The complaint against Witness fails for the same reasons.   The gravamen of the complaint is that, because options were backdated in 2000 to 2001 and because backdating is inherently intentional, Witness intentionally misrepresented earnings in 2004 to 2006.   This allegation does not create an inference of intent to defraud that is more compelling than the competing inference of negligence on the part of Witness.

B. Because the Complaint Fails To State a Claim of Primary Liability Under Section 10(b), the Complaint Also Fails To State a Claim of Secondary Liability Under Section 20(a).

 Because the complaint fails to satisfy the standard for pleading scienter for the claim under section 10(b), the district court did not err when it dismissed the claim under section 20(a) of the Exchange Act, which allows for joint and several liability for “[e]very person who, directly or indirectly, controls any person liable under any provision of this chapter.”  15 U.S.C. § 78t(a).   To state a claim under section 20(a) a complaint must allege that primary liability under section 10(b) exists;  the defendant had the “power to control the general business affairs of [the corporation]”;  and the defendant had the power to “control or influence the specific corporate policy which resulted in primary liability.”   See Theoharous v. Fong, 256 F.3d 1219, 1227 (11th Cir.2001) (affirming the dismissal of a section 20(a) claim where the complaint failed to allege primary liability under section 10(a)).   Because the complaint fails to allege primary liability under section 10(b), there can be no secondary liability under section 20(a).   See id.

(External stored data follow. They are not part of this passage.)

Lemma pos_node_factor_remove_le x0 p P O w :
  pos_node_factor P O w <= exp (removal_cost p O w) * pos_node_factor ((x0, p) :: P) O w.
Proof.
  unfold pos_node_factor, removal_cost.
  destruct (ndollar I w) eqn:Hw; [rewrite exp_0; lra |].
  pose proof (pos_bias_cons x0 p P w Hw) as Hb.
  destruct (suffixb I eqI (nstr I w) p); [| rewrite Hb, exp_0; lra].
  assert (Hgap : pos_bias ((x0, p) :: P) w - pos_bias P w <= 1).
  { unfold pos_bias in *. unfold Rmax in *. repeat destruct Rle_dec; lra. }
  destruct Hb as [Hb1 _].
  pose proof (split_prob_bounds lam theta lam_pos (pos_bias ((x0, p) :: P) w)).
  destruct in_dec.
  - rewrite exp_0. pose proof (split_prob_monotone lam theta lam_pos _ _ Hb1). lra.
  - eapply Rle_trans; [apply (nosplit_prob_ratio lam theta lam_pos _ _ Hb1) |].
    apply Rmult_le_compat_r; [lra |]. apply exp_le_exp.
    replace (/ lam) with (1 / lam) by (field; lra). apply Rdiv_le_compat_r; lra.
Qed.

Lemma insertion_cost_path_node p P d : (d <= length p)%nat ->
  insertion_cost p P (path_node I p d)
  = potential_jump lam theta delta
      (INR (pos_score I eqI enumI P (path_node I p d)) - INR d * delta).
Proof.
  intros Hd. unfold insertion_cost.
  now rewrite suffixb_path_node, depth_path_node by exact Hd.
Qed.

Lemma path_biases_separated p P :
  separated delta (fun d => INR (pos_score I eqI enumI P (path_node I p d)) - INR d * delta)
            (length p).
Proof.
  intros d d' Hdd' Hd'.
  destruct (path_node_extends I p d d' ltac:(lia)) as [e He].
  pose proof (pos_score_antitone I eqI enumI P e (nstr I (path_node I p d))) as Hanti.
  rewrite <- He in Hanti. apply le_INR in Hanti. unfold path_node in *. simpl in Hanti. lra.
Qed.

Lemma insertion_cost_sum_le p P O : NoDup O ->
  fold_right Rplus 0 (map (insertion_cost p P) O) <= privacy_cost lam bt.
Proof.
  intros ND. eapply Rle_trans.
  - apply (sum_le_of_support O (map (path_node I p) (seq 0 (S (length p)))));
      auto using insertion_cost_ge0.
    intros w _ Hw. unfold insertion_cost in Hw.
    destruct (ndollar I w) eqn:Hd; [lra |]. destruct suffixb eqn:Hs; [| lra].
    destruct (suffix_is_path_node I eqI p w Hd Hs) as [Hpath Hlen].
    apply in_map_iff. exists (length (nstr I w)). split; [now symmetry | apply in_seq; lia].
  - rewrite map_map, sum_map_seq, (sum_eq _ _ _ (fun d Hd => insertion_cost_path_node p P d Hd)).
    apply (potential_jump_sum_le lam theta lam_pos delta delta_pos bt bt_gt_1 delta_eq).
    apply path_biases_separated.
Qed.

Lemma removal_cost_sum_le p O : valid_tree I enumI O ->
  fold_right Rplus 0 (map (removal_cost p O) O) <= / lam.
Proof.
  intros HO. pose proof (Rinv_0_lt_compat lam lam_pos).
  apply sum_le_of_unique_support; [apply (proj1 HO) | lra | |].
  - intros w. unfold removal_cost. destruct (ndollar I w); [lra |].
    destruct (suffixb I eqI (nstr I w) p); [destruct in_dec |]; lra.
  - intros [u1 b1] [u2 b2] H1 H2 N1 N2. unfold removal_cost in N1, N2. simpl in *.
    destruct b1; [lra |]. destruct b2; [lra |].
    destruct (suffixb I eqI u1 p) eqn:S1; [| lra]. destruct (suffixb I eqI u2 p) eqn:S2; [| lra].
    destruct in_dec as [| Q1]; [lra |]. destruct in_dec as [| Q2]; [lra |].
    f_equal. exact (valid_tree_unsplit_nested I eqI enumI O HO u1 u2 p (proj2 alphabet)
                                              H1 H2 Q1 Q2 S1 S2).
Qed.

Lemma privacy_cost_ge_inv_lam : / lam <= privacy_cost lam bt.
Proof.
  unfold privacy_cost. apply (Rmult_le_reg_r lam); [exact lam_pos |].
  replace (/ lam * lam) with 1 by (field; lra).
  replace ((2 * bt - 1) / (bt - 1) / lam * lam) with (1 + bt / (bt - 1)) by (field; lra).
  assert (0 < bt / (bt - 1)) by (apply Rdiv_lt_0_compat; lra). lra.
Qed.

Lemma insert_position_le x0 p P O : NoDup O ->
  pos_tree_prob ((x0, p) :: P) O <= exp (privacy_cost lam bt) * pos_tree_prob P O.
Proof.
  intros ND. eapply Rle_trans.
  - apply (prod_le_exp_sum_mul O (pos_node_factor ((x0, p) :: P) O) (pos_node_factor P O)
                                 (insertion_cost p P)).
    intros w _.
    split; [| split]; auto using pos_node_factor_nonneg, pos_node_factor_insert_le.
  - apply Rmult_le_compat_r; [apply pos_tree_prob_nonneg |].
    now apply exp_le_exp, insertion_cost_sum_le.
Qed.

Lemma remove_position_le x0 p P O : valid_tree I enumI O ->
  pos_tree_prob P O <= exp (privacy_cost lam bt) * pos_tree_prob ((x0, p) :: P) O.
Proof.
  intros HO. eapply Rle_trans.
  - apply (prod_le_exp_sum_mul O (pos_node_factor P O) (pos_node_factor ((x0, p) :: P) O)
                                 (removal_cost p O)).
    intros w _.
    split; [| split]; auto using pos_node_factor_nonneg, pos_node_factor_remove_le.
  - apply Rmult_le_compat_r; [apply pos_tree_prob_nonneg |].
    apply exp_le_exp. pose proof (removal_cost_sum_le p O HO).
    pose proof privacy_cost_ge_inv_lam. lra.
Qed.

Lemma insert_positions_le Q P O : NoDup O ->
  pos_tree_prob (Q ++ P) O <= exp (INR (length Q) * privacy_cost lam bt) * pos_tree_prob P O.
Proof.
  intros ND. induction Q as [| [x0 p] Q IH]; [simpl; rewrite Rmult_0_l, exp_0; lra |].
  cbn [app length].
  eapply Rle_trans; [now apply insert_position_le |].
  rewrite S_INR, Rmult_plus_distr_r, Rmult_1_l, Rplus_comm, exp_plus, Rmult_assoc.
  apply Rmult_le_compat_l; [left; apply exp_pos | exact IH].
Qed.

Lemma remove_positions_le Q P O : valid_tree I enumI O ->
  pos_tree_prob P O <= exp (INR (length Q) * privacy_cost lam bt) * pos_tree_prob (Q ++ P) O.
Proof.
  intros HO. induction Q as [| [x0 p] Q IH]; [simpl; rewrite Rmult_0_l, exp_0; lra |].
  cbn [app length].
  eapply Rle_trans; [exact IH |].
  rewrite S_INR, Rmult_plus_distr_r, Rmult_1_l, exp_plus, Rmult_assoc.
  apply Rmult_le_compat_l; [left; apply exp_pos | now apply remove_position_le].
Qed.

End TreeProbability.

Section Calibration.
Variables lam bt eps : R.
Variable ltop : nat.
Hypothesis bt_gt_1 : 1 < bt.
Hypothesis eps_pos : 0 < eps.
Hypothesis ltop_pos : (1 <= ltop)%nat.
Hypothesis lam_calibrated : lam >= (2 * bt - 1) / (bt - 1) * (INR ltop / eps).

Lemma calibrated_lam_pos : 0 < lam.
Proof.
  assert (HK : 0 < (2 * bt - 1) / (bt - 1)) by (apply Rdiv_lt_0_compat; lra).
  assert (Hl : 1 <= INR ltop) by (apply (le_INR 1); exact ltop_pos).
  assert (Hratio : 0 < INR ltop / eps) by (apply Rdiv_lt_0_compat; lra).
  pose proof (Rmult_lt_0_compat _ _ HK Hratio). lra.
Qed.

Lemma privacy_cost_budget n : (n <= ltop)%nat -> INR n * privacy_cost lam bt <= eps.
Proof.
  intros Hn. pose proof calibrated_lam_pos as Hlam.
  set (K := (2 * bt - 1) / (bt - 1)) in *.
  assert (HK : 0 < K) by (apply Rdiv_lt_0_compat; lra).
  apply le_INR in Hn. pose proof (pos_INR n).
  unfold privacy_cost. fold K. apply (Rmult_le_reg_r lam); [exact Hlam |].
  replace (INR n * (K / lam) * lam) with (K * INR n) by (field; lra).
  assert (K * INR ltop <= eps * lam).
  { pose proof (Rmult_le_compat_l eps _ _ (Rlt_le _ _ eps_pos) (Rge_le _ _ lam_calibrated))
      as Hmul.
    replace (eps * (K * (INR ltop / eps))) with (K * INR ltop) in Hmul by (field; lra).
    lra. }
  nra.
Qed.

End Calibration.

Lemma beta_gt_1 (I : Type) (enumI : list I) : enumI <> nil -> 1 < INR (beta I enumI).
Proof.
  intros Hne. unfold beta. rewrite S_INR. destruct enumI as [| a l]; [congruence |].
  simpl length. rewrite S_INR. pose proof (pos_INR (length l)). lra.
Qed.
Section ClusteringGain.
Variables (T : finType) (e : rel T) (u v : T).
Hypotheses (e_sym : symmetric e) (e_irr : irreflexive e).
Hypotheses (huv : u != v) (hnadj : ~~ e u v).
Local Notation e' := (add_edge e u v).
Local Notation C := (common_nbhd e u v).

Definition clust_gain (w : T) : rat := clust_vertex e' w - clust_vertex e w.

Lemma clust_gain_l : clust_gain u <= endpoint_gain #|C|.
Proof.
rewrite /clust_gain !clust_vertexE deg_add_edge_l // m_nbhd_add_edge_l //.
apply: clust_ratio_step_le; first exact: card_induced_edges_le.
exact/subset_leq_card/subsetIl.
Qed.

Lemma clust_gain_r : clust_gain v <= endpoint_gain #|C|.
Proof.
rewrite /clust_gain !clust_vertexE deg_add_edge_r // m_nbhd_add_edge_r //.
apply: clust_ratio_step_le; first exact: card_induced_edges_le.
exact/subset_leq_card/subsetIr.
Qed.

Lemma clust_gain_other w : w != u -> w != v ->
  clust_gain w = (w \in C)%:R / ('C(deg e w, 2))%:R.
Proof.
move=> wu wv; rewrite /clust_gain !clust_vertexE /deg nbhd_add_edge_other //.
by rewrite m_nbhd_add_edge_other // natrD mulrDl addrAC subrr add0r.
Qed.

Lemma notin_common_nbhd_l : u \notin C.
Proof. by rewrite in_common_nbhd // e_irr. Qed.

Lemma notin_common_nbhd_r : v \notin C.
Proof. by rewrite in_common_nbhd // e_irr andbF. Qed.

Lemma common_nbhd_subC : C \subset ~: [set u; v].
Proof.
apply/subsetP => w wC; rewrite !inE; apply/norP.
split; apply: contraTneq wC => ->.
  exact: notin_common_nbhd_l.
exact: notin_common_nbhd_r.
Qed.

Lemma sum_clust_gain : \sum_w clust_gain w =
  clust_gain u + clust_gain v + \sum_(w in C) (('C(deg e w, 2))%:R)^-1.
Proof.
rewrite (bigD1 u) // (bigD1 v) 1?eq_sym //= addrA; congr (_ + _).
rewrite big_mkcond [RHS]big_mkcond; apply: eq_bigr => w _.
have [->|wu] /= := eqVneq w u; first by rewrite (negbTE notin_common_nbhd_l).
have [->|wv] /= := eqVneq w v; first by rewrite (negbTE notin_common_nbhd_r).
by rewrite clust_gain_other //; case: (w \in C); rewrite ?mul1r ?mul0r.
Qed.

Lemma sum_inv_bin2_common_le :
  \sum_(w in C) (('C(deg e w, 2))%:R)^-1 <= #|C|%:R :> rat.
Proof.
by rewrite -sum1_card natr_sum; apply: ler_sum => w _; apply: invr_natr_le1.
Qed.

Lemma sum_clust_gain_le : \sum_w clust_gain w <= total_gain #|C|.
Proof.
rewrite sum_clust_gain /total_gain.
by have := clust_gain_l; have := clust_gain_r; have := sum_inv_bin2_common_le; lra.
Qed.

Lemma card_setC_pair : #|~: [set u; v]| = (#|T| - 2)%N.
Proof. by rewrite -[#|T|](cardsC [set u; v]) cards2 huv addKn. Qed.

Lemma card_common_nbhd_le : (#|C| <= #|T| - 2)%N.
Proof. by rewrite -card_setC_pair; apply: subset_leq_card common_nbhd_subC. Qed.

Lemma sum_clust_gain_le_max : \sum_w clust_gain w <= total_gain (#|T| - 2).
Proof.
by apply: le_trans sum_clust_gain_le _; rewrite total_gain_mono card_common_nbhd_le.
Qed.

Lemma complete_bipartite_of_sum_clust_gain :
  \sum_w clust_gain w = total_gain (#|T| - 2) -> complete_bipartite_on e [set u; v].
Proof.
move=> sum_max.
have cardC : #|C| = (#|T| - 2)%N.
  apply/eqP; rewrite eqn_leq card_common_nbhd_le -total_gain_mono -sum_max.
  exact: sum_clust_gain_le.
have C_full : C = ~: [set u; v].
  by apply/eqP; rewrite eqEcard common_nbhd_subC card_setC_pair cardC /=.
have bin2_deg w : w \in C -> 'C(deg e w, 2) = 1%N.
  have sum0 : \sum_(w in C) (1 - (('C(deg e w, 2))%:R)^-1) = 0 :> rat.
    rewrite sumrB sumr_const; move: sum_max; rewrite sum_clust_gain /total_gain -cardC.
    by have := sum_inv_bin2_common_le; have := clust_gain_l; have := clust_gain_r; lra.
  move=> wC; apply/eqP; rewrite -(eqr_nat rat) -invr_eq1 eq_sym -subr_eq0.
  apply/eqP; apply: (psumr_eq0P _ sum0) wC => x _.
  by rewrite subr_ge0 invr_natr_le1.
have nbhd_C w : w \notin [set u; v] -> nbhd e w = [set u; v].
  rewrite -in_setC -C_full => wC.
  apply/esym/eqP; rewrite eqEcard cards2 huv -/(deg e w) (bin2_eq1 (bin2_deg w wC)).
  rewrite andbT; apply/subsetP => z; move: wC; rewrite in_common_nbhd // => /andP [].
  by rewrite !inE => ewu ewv /orP [] /eqP ->.
apply: complete_bipartite_onP => // x y.
by rewrite !inE => /orP [] /eqP -> /orP [] /eqP ->; rewrite ?e_irr // e_sym.
Qed.

Lemma sum_clust_gain_of_complete_bipartite :
  complete_bipartite_on e [set u; v] -> \sum_w clust_gain w = total_gain (#|T| - 2).
Proof.
move=> eK.
have nbhd_u := complete_bipartite_nbhd_in eK (set21 u v).
have nbhd_v := complete_bipartite_nbhd_in eK (set22 u v).
have C_full : C = ~: [set u; v] by rewrite /common_nbhd nbhd_u nbhd_v setIid.
have m_u : m_nbhd e u = 0%N.
  by rewrite /m_nbhd nbhd_u complete_bipartite_induced_edgesC ?cards0.
have m_v : m_nbhd e v = 0%N.
  by rewrite /m_nbhd nbhd_v complete_bipartite_induced_edgesC ?cards0.
have gain_u : clust_gain u = endpoint_gain #|C|.
  rewrite /clust_gain !clust_vertexE deg_add_edge_l // m_nbhd_add_edge_l // m_u.
  by rewrite /deg nbhd_u -C_full mul0r subr0.
have gain_v : clust_gain v = endpoint_gain #|C|.
  rewrite /clust_gain !clust_vertexE deg_add_edge_r // m_nbhd_add_edge_r // m_v.
  by rewrite /deg nbhd_v -C_full mul0r subr0.
have sum_C : \sum_(w in C) (('C(deg e w, 2))%:R)^-1 = #|C|%:R :> rat.
  rewrite -sum1_card natr_sum; apply: eq_bigr => w.
  rewrite C_full inE => wNuv.
  by rewrite /deg (complete_bipartite_nbhd_notin eK wNuv) cards2 huv invr1.
rewrite sum_clust_gain gain_u gain_v sum_C -card_setC_pair -C_full /total_gain.
lra.
Qed.

Lemma clust_add_edgeE :
  clust e' = clust e + (\sum_w clust_gain w) / #|T|%:R.
Proof. by rewrite /clust /clust_gain sumrB mulrBl addrC subrK. Qed.

End ClusteringGain.

Lemma total_gain_subn2 (k : nat) : (3 <= k)%N ->
  total_gain (k - 2) / k%:R = 1 - 2 / k%:R + 4 / (k%:R * (k%:R - 1)).
Proof.
case: k => [|[|[|k]]] // _; rewrite !subSS subn0 /total_gain endpoint_gainE //.
have k_ge0 : 0 <= k%:R :> rat by [].
by field; apply/andP; split; apply/eqP; lra.
Qed.

Theorem theorem4 (T : finType) (e : rel T)
  (e_sym : symmetric e) (e_irr : irreflexive e)
  (hn : (3 <= #|T|)%N) (u v : T) (huv : u != v) (hnadj : ~~ e u v) :
  let n : rat := (#|T|)%:R in
  clust (add_edge e u v) <= clust e + (1 - 2 / n + 4 / (n * (n - 1)))
  /\
  (clust (add_edge e u v) = clust e + (1 - 2 / n + 4 / (n * (n - 1)))
   <-> complete_bipartite_on e [set u; v]).
Proof.
move=> n; rewrite /n -total_gain_subn2 // clust_add_edgeE //.
have n_inv_gt0 : 0 < (#|T|%:R : rat)^-1 by rewrite invr_gt0 ltr0n; case: #|T| hn.
split.
  by rewrite lerD2l ler_pM2r // sum_clust_gain_le_max.
split=> [/addrI /(mulIf (lt0r_neq0 n_inv_gt0))|].
  exact: complete_bipartite_of_sum_clust_gain.
by move/sum_clust_gain_of_complete_bipartite ->.
Qed.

C. The District Court Did Not Abuse Its Discretion When It Denied Sub Silentio the Shareholders' Request for Leave To Amend.

 When the shareholders requested leave to amend their complaint in a footnote to their brief in opposition to the defendants' motion to dismiss, it was within the discretion of the district court to deny that request sub silentio.   See United States ex rel. Atkins v. McInteer, 470 F.3d 1350, 1361-62 (11th Cir.2006).  “Where a request for leave to file an amended complaint simply is imbedded within an opposition memorandum, the issue has not been raised properly.”  Posner v. Essex Ins. Co., 178 F.3d 1209, 1222 (11th Cir.1999).   The shareholders also failed to comply with Federal Rule of Civil Procedure 7(b) when they failed to attach a copy of their proposed amendment or to describe the substance of their proposed amendment.   See Satz, 181 F.3d at 1279-80.


The dismissal with prejudice of the shareholders' complaint against Witness and Gould is AFFIRMED.